Lemma conjugated_move_small v x0 R0 eta r :
  kor_norm x0 <= R0 -> 0 < r <= 1 -> 0 <= eta <= r ^ 2 ->
  kor_norm (conjugated_move v eta x0) <= 2 * (r * shift_const v R0).
Proof.
  destruct v as [v1 v2], x0 as [[a1 a2] a3]. unfold shift_const, dir_size, conjugated_move. cbn [fst snd].
  intros Hx0 Hr Heta.
  destruct (kor_coord_bounds a1 a2 a3) as (A1 & A2 & _).
  pose proof (Rabs_pos v1); pose proof (Rabs_pos v2).
  assert (HR0 : 0 <= R0) by (pose proof (Rabs_pos a1); lra).
  set (n := Rabs v1 + Rabs v2) in *.
  assert (Hn : 0 <= n) by (unfold n; lra).
  assert (Hrr : r ^ 2 <= r) by (simpl; nra).
  assert (Hnc : n <= 1 + n * (1 + R0)) by nra.
  assert (Hv : forall w, Rabs w <= n -> Rabs (eta * w) <= r * (1 + n * (1 + R0))).
  { intros w Hw. rewrite Rabs_mult, (Rabs_pos_eq eta) by lra.
    assert (eta * Rabs w <= r * n) by (apply Rmult_le_compat; lra || apply Rabs_pos).
    nra. }
  apply kor_norm_bound; [apply Hv; unfold n; lra | apply Hv; unfold n; lra|].
  assert (Hw : Rabs (v2 * a1 - v1 * a2) <= n * R0).
  { unfold Rminus. eapply Rle_trans; [apply Rabs_triang|].
    rewrite Rabs_Ropp, !Rabs_mult.
    assert (Rabs v2 * Rabs a1 <= Rabs v2 * R0) by (apply Rmult_le_compat_l; lra).
    assert (Rabs v1 * Rabs a2 <= Rabs v1 * R0) by (apply Rmult_le_compat_l; lra).
    unfold n. lra. }
  rewrite !Rabs_mult, (Rabs_pos_eq 4), (Rabs_pos_eq eta) by lra.
  assert (4 * eta * Rabs (v2 * a1 - v1 * a2) <= 4 * r ^ 2 * (n * R0))
    by (apply Rmult_le_compat; try nra; apply Rabs_pos).
  assert (0 <= n * R0) by nra.
  assert (4 * (n * R0) <= (1 + n * (1 + R0)) ^ 2)
    by (pose proof (pow2_ge_0 (1 - n * (1 + R0))); nra).
  replace ((r * (1 + n * (1 + R0))) ^ 2) with (r ^ 2 * (1 + n * (1 + R0)) ^ 2) by ring.
  nra.
Qed.

(** Points of a bounded set lying on nearby cosets move along [V] by a bounded
    amount: the horizontal coordinates of [x = V(u) * x0 * E] are [u v + x0 + E]. *)
Lemma line_parameter_bound v x0 x u E R0 r :
  kor_norm x0 <= R0 -> kor_norm x <= R0 -> kor_norm E <= 32 * r -> r <= 1 ->
  x = hmul (line_point v u) (hmul x0 E) -> Rabs u * dir_size v <= 4 * R0 + 64.
Proof.
  destruct v as [v1 v2], x0 as [[a1 a2] a3], x as [[y1 y2] y3], E as [[e1 e2] e3].
  unfold dir_size, line_point. cbn [fst snd hmul].
  intros Hx0 Hx HE Hr Hx_eq. injection Hx_eq as Hy1 Hy2 _.
  destruct (kor_coord_bounds a1 a2 a3) as (A1 & A2 & _).
  destruct (kor_coord_bounds y1 y2 y3) as (Y1 & Y2 & _).
  destruct (kor_coord_bounds e1 e2 e3) as (F1 & F2 & _).
  assert (Hcoord : forall y vi ai ei, y = u * vi + (ai + ei) ->
            Rabs u * Rabs vi <= Rabs y + Rabs ai + Rabs ei).
  { intros y vi ai ei Hy. rewrite <- Rabs_mult.
    replace (u * vi) with (y + - ai + - ei) by lra.
    pose proof (Rabs_triang (y + - ai) (- ei)). pose proof (Rabs_triang y (- ai)).
    rewrite !Rabs_Ropp in *. lra. }
  pose proof (Hcoord _ _ _ _ Hy1). pose proof (Hcoord _ _ _ _ Hy2). lra.
Qed.

Definition grid_size (U d : R) : nat := S (Z.to_nat (up (2 * U / d))).

Lemma grid_index U d u :
  0 < d -> - U <= u <= U ->
  exists j, (j < grid_size U d)%nat /\ 0 <= u - (- U + INR j * d) <= d.
Proof.
  intros Hd Hu.
  set (t := (u + U) / d).
  assert (Htd : t * d = u + U) by (unfold t; field; lra).
  assert (Ht0 : 0 <= t) by (unfold t; apply Rdiv_le_0_compat; lra).
  assert (Ht1 : t <= 2 * U / d) by (unfold t; apply Rmult_le_compat_r; [apply Rlt_le, Rinv_0_lt_compat|]; lra).
  destruct (archimed t) as [T1 T2]. destruct (archimed (2 * U / d)) as [B1 _].
  assert (Hm0 : (0 < up t)%Z) by (apply lt_IZR; lra).
  assert (HmN : (up t - 1 < up (2 * U / d))%Z) by (apply lt_IZR; rewrite minus_IZR; lra).
  exists (Z.to_nat (up t - 1)).
  rewrite INR_IZR_INZ, Z2Nat.id, minus_IZR by lia. split.
  - unfold grid_size. lia.
  - assert (0 <= (t - (IZR (up t) - 1)) * d <= d) by (split; nra). lra.
Qed.

Lemma Rpower_minus_two r : 0 < r -> Rpower r (Ropp 2) = / r ^ 2.
Proof.
  intros Hr. replace 2 with (INR 2) at 1 by (simpl; ring).
  now rewrite Rpower_Ropp, Rpower_pow.
Qed.

(** With step [r^2] the grid has [O(r^-2)] points: this is the exponent [2]. *)
Lemma grid_size_bound U r C :
  0 <= U -> 0 < r <= 1 -> 2 * U + 2 <= C -> INR (grid_size U (r ^ 2)) <= C * Rpower r (Ropp 2).
Proof.
  intros HU Hr HC. rewrite Rpower_minus_two by lra.
  assert (Hd : 0 < r ^ 2 <= 1) by (split; [apply pow_lt|simpl]; nra).
  assert (Hid : 1 <= / r ^ 2) by (rewrite <- Rinv_1; apply Rinv_le_contravar; lra).
  assert (Hq : 0 <= 2 * U / r ^ 2) by (apply Rdiv_le_0_compat; lra).
  destruct (archimed (2 * U / r ^ 2)) as [A1 A2].
  unfold grid_size. rewrite S_INR, INR_IZR_INZ, Z2Nat.id by (apply le_IZR; lra).
  assert (C * / r ^ 2 >= (2 * U + 2) * / r ^ 2) by (apply Rle_ge, Rmult_le_compat_r; lra).
  unfold Rdiv in *. lra.
Qed.

Lemma piR_lipschitz v x y : coset_dist v (piR v x) (piR v y) <= 1200 * dH x y.
Proof.
  eapply Rle_trans; [apply set_dist_le; apply coset_self | apply dcc_le_dH].
Qed.

Lemma grid_covers_preimage v (K : H -> Prop) R0 a x0 x r :
  v <> (0, 0) -> (forall y, K y -> kor_norm y <= R0) -> 0 < r <= 1 ->
  K x0 -> coset_dist v (piR v a) (piR v x0) < r ->
  K x -> coset_dist v (piR v a) (piR v x) < r ->
  let U := (4 * R0 + 64) / dir_size v in
  exists j, (j < grid_size U (r ^ 2))%nat /\
    dH (hmul (line_point v (- U + INR j * r ^ 2)) x0) x <= (8 * shift_const v R0 + 128) * r.
Proof.
  intros Hv HKb Hr Kx0 Hx0 Kx Hx U.
  pose proof (dir_size_pos v Hv) as Hn.
  destruct (close_to_common_coset v a x0 x r Hx0 Hx) as (u & E & Hxe & HE).
  pose proof (line_parameter_bound v x0 x u E R0 r (HKb _ Kx0) (HKb _ Kx) HE ltac:(lra) Hxe) as Hu.
  assert (HuU : - U <= u <= U).
  { apply Rabs_le_between. unfold U. apply (Rmult_le_reg_r (dir_size v)); [lra|].
    unfold Rdiv. rewrite Rmult_assoc, Rinv_l by lra. lra. }
  destruct (grid_index U (r ^ 2) u ltac:(apply pow_lt; lra) HuU) as (j & Hj & Heta).
  exists j. split; [exact Hj|].
  unfold dH. rewrite Hxe, line_conjugation.
  eapply Rle_trans; [apply kor_quasi|].
  pose proof (conjugated_move_small v x0 R0 (u - (- U + INR j * r ^ 2)) r (HKb _ Kx0) Hr Heta).
  lra.
Qed.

» TASK PROMPT
Take the entries above and return only the lines from the one with "assert (Htd : t" to the one with "Lemma grid_size_bound U", both included, unchanged.

» THE ANSWER
  assert (Htd : t * d = u + U) by (unfold t; field; lra).
  assert (Ht0 : 0 <= t) by (unfold t; apply Rdiv_le_0_compat; lra).
  assert (Ht1 : t <= 2 * U / d) by (unfold t; apply Rmult_le_compat_r; [apply Rlt_le, Rinv_0_lt_compat|]; lra).
  destruct (archimed t) as [T1 T2]. destruct (archimed (2 * U / d)) as [B1 _].
  assert (Hm0 : (0 < up t)%Z) by (apply lt_IZR; lra).
  assert (HmN : (up t - 1 < up (2 * U / d))%Z) by (apply lt_IZR; rewrite minus_IZR; lra).
  exists (Z.to_nat (up t - 1)).
  rewrite INR_IZR_INZ, Z2Nat.id, minus_IZR by lia. split.
  - unfold grid_size. lia.
  - assert (0 <= (t - (IZR (up t) - 1)) * d <= d) by (split; nra). lra.
Qed.

Lemma Rpower_minus_two r : 0 < r -> Rpower r (Ropp 2) = / r ^ 2.
Proof.
  intros Hr. replace 2 with (INR 2) at 1 by (simpl; ring).
  now rewrite Rpower_Ropp, Rpower_pow.
Qed.

(** With step [r^2] the grid has [O(r^-2)] points: this is the exponent [2]. *)
Lemma grid_size_bound U r C :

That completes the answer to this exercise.